I'm not sure about the change to GET_VRING_BASE. A new parameter is
added without a feature bit, so there is no way to detect this feature
at runtime. Maybe a VHOST_USER_PROTOCOL_F_GET_VRING_BASE_INFLIGHT
feature bit should be added?

Once a feature bit exists, it may not even be necessary to add the
parameter to GET_VRING_BASE:

When VHOST_USER_PROTOCOL_F_GET_VRING_BASE_INFLIGHT is zero,
GET_VRING_BASE drains in-flight I/O before completing. When
VHOST_USER_PROTOCOL_F_GET_VRING_BASE_INFLIGHT is one, the backend may
leave requests in-flight (but host I/O requests must be cancelled in
order to comply with the "Suspended device state" semantics) when
GET_VRING_BASE completes.

What do you think?

> 
> Alexandr Moshkov (5):
>   vhost-user.rst: specify vhost-user back-end action on GET_VRING_BASE
>   vhost-user: introduce should_drain on GET_VRING_BASE
>   vmstate: introduce VMSTATE_VBUFFER_UINT64
>   vhost: add vmstate for inflight region with inner buffer
>   vhost-user-blk: support inter-host inflight migration
> 
>  backends/cryptodev-vhost.c         |  2 +-
>  backends/vhost-user.c              |  2 +-
>  docs/interop/vhost-user.rst        |  8 +++-
>  hw/block/vhost-user-blk.c          | 28 ++++++++++++-
>  hw/net/vhost_net.c                 |  9 ++--
>  hw/scsi/vhost-scsi-common.c        |  2 +-
>  hw/virtio/vdpa-dev.c               |  2 +-
>  hw/virtio/vhost-user-base.c        |  2 +-
>  hw/virtio/vhost-user-fs.c          |  2 +-
>  hw/virtio/vhost-user-scmi.c        |  2 +-
>  hw/virtio/vhost-vsock-common.c     |  2 +-
>  hw/virtio/vhost.c                  | 66 ++++++++++++++++++++++++++----
>  include/hw/virtio/vhost-user-blk.h |  1 +
>  include/hw/virtio/vhost.h          | 13 +++++-
>  include/migration/vmstate.h        | 10 +++++
>  15 files changed, 125 insertions(+), 26 deletions(-)
> 
> -- 
> 2.34.1
>

Re: [PATCH v4 0/5] support inflight migration

Posted by Alexandr Moshkov 4 weeks ago

Hi!
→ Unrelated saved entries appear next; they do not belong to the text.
Lemma ntrace_cast n m m' (e : m = m') (F : 'AHom(L n, L m)) (y : L m') :
  F^-1%VF (ntrace (F @: fullv)%AS (castL (esym e) y)) =
  (ecast i ('AHom(L n, L i)) e F)^-1%VF
     (ntrace ((ecast i ('AHom(L n, L i)) e F) @: fullv)%AS y).
Proof. by case: m' / e in y *. Qed.

Lemma down_ntrace n nu (h : (n <= nu)%N) x :
  down n nu x = (up_ahom f h)^-1%VF (ntrace (up_ahom f h @: fullv)%AS x).
Proof.
rewrite /Defs.down; destruct (@idP (n <= nu)%N) as [h'|h']; last by [].
by rewrite Tr_ntrace ntrace_cast (bool_irrelevance h' h).
Qed.

Lemma up_ahomK n nu (h : (n <= nu)%N) x : (up_ahom f h)^-1%VF (up_ahom f h x) = x.
Proof. by rewrite lker0_lfunK ?AHom_lker0. Qed.

Lemma down_up n nu x : (n <= nu)%N -> down n nu (up n nu x) = x.
Proof.
move=> h; rewrite down_ntrace (up_ahomE f h) ntrace_id ?up_ahomK //.
by rewrite memv_img ?memvf.
Qed.

Lemma down_refl n x : down n n x = x.
Proof. by have := @down_up n n x (leqnn n); rewrite up_refl. Qed.

Lemma up_ahom_trans n m nu (h1 : (n <= m)%N) (h2 : (m <= nu)%N) (h3 : (n <= nu)%N) x :
  up_ahom f h2 (up_ahom f h1 x) = up_ahom f h3 x.
Proof. by rewrite -!up_ahomE up_trans. Qed.

Lemma down_up_trans n N nu z : (n <= N)%N -> (N <= nu)%N ->
  down n nu (up N nu z) = down n N z.
Proof.
move=> h1 h2; have h3 := leq_trans h1 h2.
rewrite (down_ntrace h3) (down_ntrace h1) (up_ahomE f h2).
have Eimg : (up_ahom f h3 @: fullv)%VS = (up_ahom f h2 @: (up_ahom f h1 @: fullv))%VS.
  rewrite -limg_comp; congr (_ @: _)%VS; apply/lfunP => y.
  by rewrite comp_lfunE (up_ahom_trans h1 h2 h3).
have -> : ntrace (up_ahom f h3 @: fullv)%AS (up_ahom f h2 z) =
          ntrace (up_ahom f h2 @: (up_ahom f h1 @: fullv))%AS (up_ahom f h2 z).
  by rewrite /= Eimg.
rewrite -ntrace_ahom.
have /memv_imgP [u _ ->] := ntrace_in (up_ahom f h1 @: fullv)%AS z.
by rewrite (up_ahom_trans h1 h2 h3) !up_ahomK.
Qed.

Lemma down_ahom n nu (h : (n <= nu)%N) (s : 'AHom(L nu, L nu)) (t : 'AHom(L n, L n)) :
  (forall x, s (up_ahom f h x) = up_ahom f h (t x)) ->
  forall x, down n nu (s x) = t (down n nu x).
Proof.
move=> st x; rewrite !(down_ntrace h).
have tfull : (t @: fullv)%VS = fullv by apply: lker0_limgf; apply: AHom_lker0.
have Eimg : (s @: (up_ahom f h @: fullv))%VS = (up_ahom f h @: fullv)%VS.
  rewrite -limg_comp -{2}tfull -limg_comp; congr (_ @: _)%VS; apply/lfunP => y.
  by rewrite !comp_lfunE st.
have -> : ntrace (up_ahom f h @: fullv)%AS (s x) =
          ntrace (s @: (up_ahom f h @: fullv))%AS (s x).
  by rewrite /= Eimg.
rewrite -ntrace_ahom.
have /memv_imgP [u _ ->] := ntrace_in (up_ahom f h @: fullv)%AS x.
by rewrite st !up_ahomK.
Qed.

Lemma castLD m m' (e : m = m') (x y : L m) : castL e (x + y) = castL e x + castL e y.
Proof. by case: m' / e. Qed.

Lemma downD n nu x y : down n nu (x + y) = down n nu x + down n nu y.
Proof.
rewrite /Defs.down; destruct (@idP (n <= nu)%N) as [h|h]; last by rewrite addr0.
by rewrite castLD /Tr raddfD linearD scalerDr.
Qed.

Lemma downB n nu x y : down n nu (x - y) = down n nu x - down n nu y.
Proof. by apply/eqP; rewrite eq_sym subr_eq -downD subrK. Qed.

Lemma down0_1 n : down 0 n 1 = 1.
Proof.
have up1 : up 0 n 1 = 1 by have := up_alg f (leq0n n) 1; rewrite !scale1r.
by rewrite -up1 down_up.
Qed.

End Trace.

Section Ultrametric.
Variables (R : realType) (k : fieldType) (v : k -> R).
Hypothesis vP : forall x, 0 <= v x /\ (v x = 0 <-> x = 0).
Hypothesis vM : forall x y, v (x * y) = v x * v y.
Hypothesis vU : forall x y, v (x + y) <= Num.max (v x) (v y).

Lemma v0 : v 0 = 0.
Proof. exact/(vP 0).2. Qed.

Lemma v_gt0 x : x != 0 -> 0 < v x.
Proof.
move=> x_neq0; rewrite lt_neqAle (vP x).1 andbT eq_sym.
by apply/eqP => /(vP x).2 x_eq0; move: x_neq0; rewrite x_eq0 eqxx.
Qed.

Lemma v1 : v 1 = 1.
Proof.
have v1_neq0 : v 1 != 0 by rewrite gt_eqF // v_gt0 ?oner_neq0.
by apply: (mulIf v1_neq0); rewrite -vM !mulr1 mul1r.
Qed.

Lemma vN x : v (- x) = v x.
Proof.
have vN1 : v (-1) = 1.
  have : v (-1) ^+ 2 = 1 by rewrite expr2 -vM mulrNN mulr1 v1.
  move/eqP; rewrite sqrf_eq1 => /orP [/eqP //|/eqP vN1].
  by have := (vP (-1)).1; rewrite vN1 ler0N1.
by rewrite -mulN1r vM vN1 mul1r.
Qed.

Lemma vB x y : v (x - y) = v (y - x).
Proof. by rewrite -opprB vN. Qed.

Lemma kopen_ball c e : kopen v (fun w => v (w - c) < e).
Proof.
move=> x hx; exists e; split; first by apply: le_lt_trans hx; apply: (vP _).1.
move=> z hz; have := vU (z - x) (x - c); rewrite addrA subrK => h.
by apply: le_lt_trans h _; rewrite gt_max hz hx.
Qed.

Lemma ultra_balls_disjoint c1 c2 w :
  v (w - c1) < v (c1 - c2) -> v (w - c2) < v (c1 - c2) -> False.
Proof.
move=> h1 h2; have := vU (c1 - w) (w - c2); rewrite addrA subrK => h.
have : v (c1 - c2) < v (c1 - c2) by apply: le_lt_trans h _; rewrite gt_max -vB h1 h2.
by rewrite ltxx.
Qed.

End Ultrametric.

Section KelTheory.
Variables (k : fieldType) (L : nat -> splittingFieldType k).
Variable f : forall n, 'AHom(L n, L n.+1).

Local Notation up n nu x := (@Defs.up k L f n nu x).
Local Notation Keq := (Kequiv f).
Local Notation lift a M := (up (tag a) M (tagged a)).

Lemma Kequiv_at (a b : Kel L) M : (tag a <= M)%N -> (tag b <= M)%N ->
  Keq a b <-> lift a M = lift b M.
Proof.
move=> ha hb; have hP : (maxn (tag a) (tag b) <= M)%N by rewrite geq_max ha hb.
rewrite /Kequiv -(up_trans f _ (leq_maxl _ _) hP) -(up_trans f _ (leq_maxr _ _) hP).
by split=> [-> //|]; apply: up_inj.
Qed.

Lemma Kequiv_level n (x y : L n) : Keq (existT L n x) (existT L n y) <-> x = y.
Proof. by rewrite (Kequiv_at (M := n)) //= !up_refl. Qed.

Lemma Kequiv_up n nu (h : (n <= nu)%N) (x : L n) :
  Keq (existT L nu (up n nu x)) (existT L n x).
Proof. by apply/(Kequiv_at (M := nu)) => //=; rewrite up_refl. Qed.

Lemma Keq_sym a b : Keq a b -> Keq b a.
Proof. by move=> e; apply/(Kequiv_at (leq_maxr (tag a) (tag b)) (leq_maxl _ _)). Qed.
Thanks for reply!

On 1/7/26 00:04, Stefan Hajnoczi wrote:
> On Mon, Dec 29, 2025 at 03:21:03PM +0500, Alexandr Moshkov wrote:
>> v4:
>> While testing inflight migration, I notices a problem with the fact that
>> GET_VRING_BASE is needed during migration, so the back-end stops
>> dirtying pages and synchronizes `last_avail` counter with QEMU. So after
>> migration in-flight I/O requests will be looks like resubmited on destination vm.
>>
>> However, in new logic, we no longer need to wait for in-flight requests
>> to be complete at GET_VRING_BASE message. So support new parameter
>> `should_drain` in the GET_VRING_BASE to allow back-end stop vrings
>> immediately without waiting for in-flight I/O requests to complete.
>>
>> Also:
>> - modify vhost-user rst
>> - refactor on vhost-user-blk.c, now `should_drain` is based on
>>    device parameter `inflight-migration`
>>
>> v3:
>> - use pre_load_errp instead of pre_load in vhost.c
>> - change vhost-user-blk property to
>>    "skip-get-vring-base-inflight-migration"
>> - refactor vhost-user-blk.c, by moving vhost_user_blk_inflight_needed() higher
>>
>> v2:
>> - rewrite migration using VMSD instead of qemufile API
>> - add vhost-user-blk parameter instead of migration capability
>>
>> I don't know if VMSD was used cleanly in migration implementation, so
>> feel free for comments.
>>
>> Based on Vladimir's work:
>> [PATCH v2 00/25] vhost-user-blk: live-backend local migration
>>    which was based on:
>>      - [PATCH v4 0/7] chardev: postpone connect
>>        (which in turn is based on [PATCH 0/2] remove deprecated 'reconnect' options)
>>      - [PATCH v3 00/23] vhost refactoring and fixes
>>      - [PATCH v8 14/19] migration: introduce .pre_incoming() vmsd handler
>>
>> Based-on:<20250924133309.334631-1-vsementsov@yandex-team.ru>
>> Based-on:<20251015212051.1156334-1-vsementsov@yandex-team.ru>
>> Based-on:<20251015145808.1112843-1-vsementsov@yandex-team.ru>
>> Based-on:<20251015132136.1083972-15-vsementsov@yandex-team.ru>
>> Based-on:<20251016114104.1384675-1-vsementsov@yandex-team.ru>
>>
>> ---
>>
>> Hi!
>>
>> During inter-host migration, waiting for disk requests to be drained
>> in the vhost-user backend can incur significant downtime.
>>
>> This can be avoided if QEMU migrates the inflight region in vhost-user-blk.
>> Thus, during the qemu migration, the vhost-user backend can cancel all inflight requests and
>> then, after migration, they will be executed on another host.
> I'm surprised by this statement because cancellation requires
> communication with the disk. If in-flight requests are slow to drain,
> then I would expect cancellation to be slow too. What kind of storage
> are you using?

Iprobablychosethe wrongword"cancel"todescribethe patch. 
Weimplementedthis logic as follows:the vhost-userserverdoes notwaitfor 
in-flightrequeststo complete,butmarksthemallwith specificstatusCANCEL 
-inreality, norequestis explicitlycanceled.Thenthe 
serverimmediatelyproceedstocompletethe connectionwiththe 
VM.Thus,allin-flightrequestsmigrateto thedestinationvm.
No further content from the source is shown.